Amien lantas mengajak simpatisan dan pendukung yang hadir untuk terus berdoa. “Emak-emak milenial, balak-Ibu semua, kita tinggal beberapa hari lagi. Salat, mohon kepada Allah. Mudah-mudahan kita diberi presiden baru. Yang lebih cinta pada bangsanya, lebih cinta pada rakyatnya. Yang tidak pernah menjual ke pihak asing dan aseng,” tukasnya.

Sebelumnya, Prabowo Subianto kembali melontarkan kata-kata menggelitik saat menyampaikan pidato politiknya di acara kampanye yang digelar di Stadion Kridosono, Jogja, Senin lalu. Prabowo kembali menyebut "Ibu Pertiwi diperkosa", bahkan sempat melontarkan kata "bajingan".

Namun sebelum itu, dia sempat meminta izin apakah boleh berbicara keras dalam orasinya. Awalnya, Prabowo menyampaikan bahwa kondisi Indonesia sedang sakit. Dia menyebut banyak terjadi ketidakadilan.

"Ini bukan republik yang diperjuangkan oleh Bung Karno, Bung Harta, oleh Ahmad Dahlan, oleh Hashim Asyari, bukan ini!" kata Prabowo, Senin (8/4/2019), dilansir Detik.com. "Ini adalah saya tidak tahu bagaimana terjadi, segelintir orang menguasai kekayaan ratusan juta bangsa Indonesia," lanjutnya.

"Negara kita sedang sakit, Ibu Pertiwi sedang diperkosa, hak rakyat sedang diinjak-injak.
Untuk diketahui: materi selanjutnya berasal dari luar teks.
(* A lattice point [x] of P(M) + u Delta + t Nabla with positive support [S],
   negative mass [alpha] and excess [beta] over the indicator of [S] is
   characterised by [r(E) - r(S) + alpha <= t] and
   [|S| + beta - alpha = r(E) + u - t]: necessity by summing a decomposition
   of [x] over the complement of [S] and over [E], sufficiency by subtracting
   the indicator of a basis meeting [S] in [r(S)] elements and splitting the
   rest into a positive part ([u Delta]) and a negative part ([t Nabla]).
   For fixed [S] the pairs [(alpha, beta)] have generating function
   [(1-v)^(|S|-|E|) (1-w)^(-|S|)], and the two conditions say that [(t, u)]
   is an exponent of [v^(r(E)-r(S)+alpha) w^(|S|-r(S)+beta) / (1-vw)].
   Since [X - 1 = v(1-w)/(1-v)] and [Y - 1 = w(1-v)/(1-w)], this is exactly
   the [S]-term of the right-hand side. *)

(** * The ring of formal power series in [v], [w] *)

Lemma fpsP (f g : fps) : (forall t u, f t u = g t u) -> f = g.
Proof. by move=> fg; apply: boolp.funext => t; apply: boolp.funext => u; apply: fg. Qed.

Definition agree_upto (T U : nat) (f g : fps) :=
  forall i j, (i <= T)%N -> (j <= U)%N -> f i j = g i j.

Lemma agree_upto_mul T U f f' g g' :
  agree_upto T U f f' -> agree_upto T U g g' ->
  agree_upto T U (fps_mul f g) (fps_mul f' g').
Proof.
move=> ff' gg' i j le_iT le_jU; apply: eq_bigr => [[a lt_ai]] _.
apply: eq_bigr => [[b lt_bj]] _ /=; rewrite ff' ?gg' //; lia.
Qed.

Definition fps_of_poly (P : {poly {poly rat}}) : fps := fun i j => P`_i`_j.

Definition fps_trunc (T U : nat) (f : fps) : {poly {poly rat}} :=
  \poly_(i < T.+1) \poly_(j < U.+1) f i j.

Lemma fps_of_polyM P Q :
  fps_mul (fps_of_poly P) (fps_of_poly Q) = fps_of_poly (P * Q).
Proof.
apply: fpsP => t u; rewrite /fps_of_poly coefM coef_sum.
by apply: eq_bigr => i _; rewrite coefM.
Qed.

Lemma agree_fps_trunc T U f : agree_upto T U (fps_of_poly (fps_trunc T U f)) f.
Proof.
by move=> i j le_iT le_jU; rewrite /fps_of_poly coef_poly ltnS le_iT coef_poly ltnS le_jU.
Qed.

(* Coefficients of products up to [(t, u)] only see coefficients up to
   [(t, u)], so ring identities transfer from the polynomial ring. *)
Lemma fps_mulA : associative fps_mul.
Proof.
move=> f g h; apply: fpsP => t u; have tr := @agree_fps_trunc t u.
rewrite -[LHS](agree_upto_mul (tr f) (agree_upto_mul (tr g) (tr h))) //.
rewrite -[RHS](agree_upto_mul (agree_upto_mul (tr f) (tr g)) (tr h)) //.
by rewrite !fps_of_polyM mulrA.
Qed.

Lemma fps_mulC : commutative fps_mul.
Proof.
move=> f g; apply: fpsP => t u; have tr := @agree_fps_trunc t u.
rewrite -[LHS](agree_upto_mul (tr f) (tr g)) //.
by rewrite -[RHS](agree_upto_mul (tr g) (tr f)) // !fps_of_polyM mulrC.
Qed.

Lemma fps_mul1 : left_id (fps_const 1) fps_mul.
Proof.
have one : fps_const 1 = fps_of_poly 1.
  apply: fpsP => i j; rewrite /fps_of_poly /fps_const coef1.
  by case: (i == 0)%N; rewrite /= ?coef1 ?coef0 //; case: (j == 0)%N.
move=> f; apply: fpsP => t u; have tr := @agree_fps_trunc t u.
rewrite one -[LHS](agree_upto_mul (fun _ _ _ _ => erefl) (tr f)) //.
by rewrite fps_of_polyM mul1r tr.
Qed.

Lemma fps_mulDl : left_distributive fps_mul fps_add.
Proof.
move=> f g h; apply: fpsP => t u; rewrite /fps_mul /fps_add -big_split /=.
by apply: eq_bigr => i _; rewrite -big_split; apply: eq_bigr => j _; rewrite mulrDl.
Qed.

Definition fps0 : fps := fun _ _ => 0.
Definition fps_opp (f : fps) : fps := fun t u => - f t u.

Lemma fps_addA : associative fps_add.
Proof. by move=> f g h; apply: fpsP => t u; rewrite /fps_add addrA. Qed.
Lemma fps_addC : commutative fps_add.
Proof. by move=> f g; apply: fpsP => t u; rewrite /fps_add addrC. Qed.
Lemma fps_add0 : left_id fps0 fps_add.
Proof. by move=> f; apply: fpsP => t u; rewrite /fps_add add0r. Qed.
Lemma fps_addN : left_inverse fps0 fps_opp fps_add.
Proof. by move=> f; apply: fpsP => t u; rewrite /fps_add addNr. Qed.

Definition fpsR := fps.
HB.instance Definition _ := boolp.gen_eqMixin fpsR.
HB.instance Definition _ := boolp.gen_choiceMixin fpsR.
HB.instance Definition _ :=
  GRing.isZmodule.Build fpsR fps_addA fps_addC fps_add0 fps_addN.

Lemma fps_oner_neq0 : (fps_const 1 : fpsR) != 0.
Proof. by apply/eqP => /(congr1 (fun f : fpsR => f 0%N 0%N)) /eqP; rewrite oner_eq0. Qed.

HB.instance Definition _ := GRing.Zmodule_isComNzRing.Build fpsR
  fps_mulA fps_mulC fps_mul1 fps_mulDl fps_oner_neq0.

Lemma fps_mulE (f g : fps) : fps_mul f g = (f : fpsR) * (g : fpsR). Proof. by []. Qed.
Lemma fps_subE (f g : fps) : fps_sub f g = (f : fpsR) - (g : fpsR). Proof. by []. Qed.
Lemma fps_oneE : fps_const 1 = 1 :> fpsR. Proof. by []. Qed.
Lemma one_minusE (f : fps) : one_minus f = 1 - (f : fpsR). Proof. by []. Qed.
Lemma fps_powE (f : fps) n : fps_pow f n = (f : fpsR) ^+ n.
Proof. by elim: n => // n IH; rewrite exprS /= IH. Qed.

Lemma fps_coef_sum (I : Type) (s : seq I) (P : pred I) (F : I -> fpsR) t u :
  (\sum_(i <- s | P i) F i) t u = \sum_(i <- s | P i) F i t u.
Proof. by elim/big_rec2: _ => // i y1 y2 _ <-. Qed.

Lemma fps_coefB (f g : fpsR) t u : (f - g) t u = f t u - g t u. Proof. by []. Qed.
Segelintir orang, elite di Jakarta seenaknya saja merusak negara ini, mereka adalah... Ini boleh enggak bicara agak keras di sini Pak?" kata Prabowo sambil menengok ke kursi di belakang keberadaan Prabowo berdiri untuk berorasi di atas panggung.

Deretan kursi itu diduduki para petinggi parpol koalisi, BPN, pendukung dan relawan. Prabowo juga sempat bertanya ke massa pendukungnya yang memadati stadion. "Tinggal... tinggal 10 hari lagi deh, mereka adalah 'bajingan-bajingan'," ucap Prabowo yang disambut riuh dan tepuk tangan massa.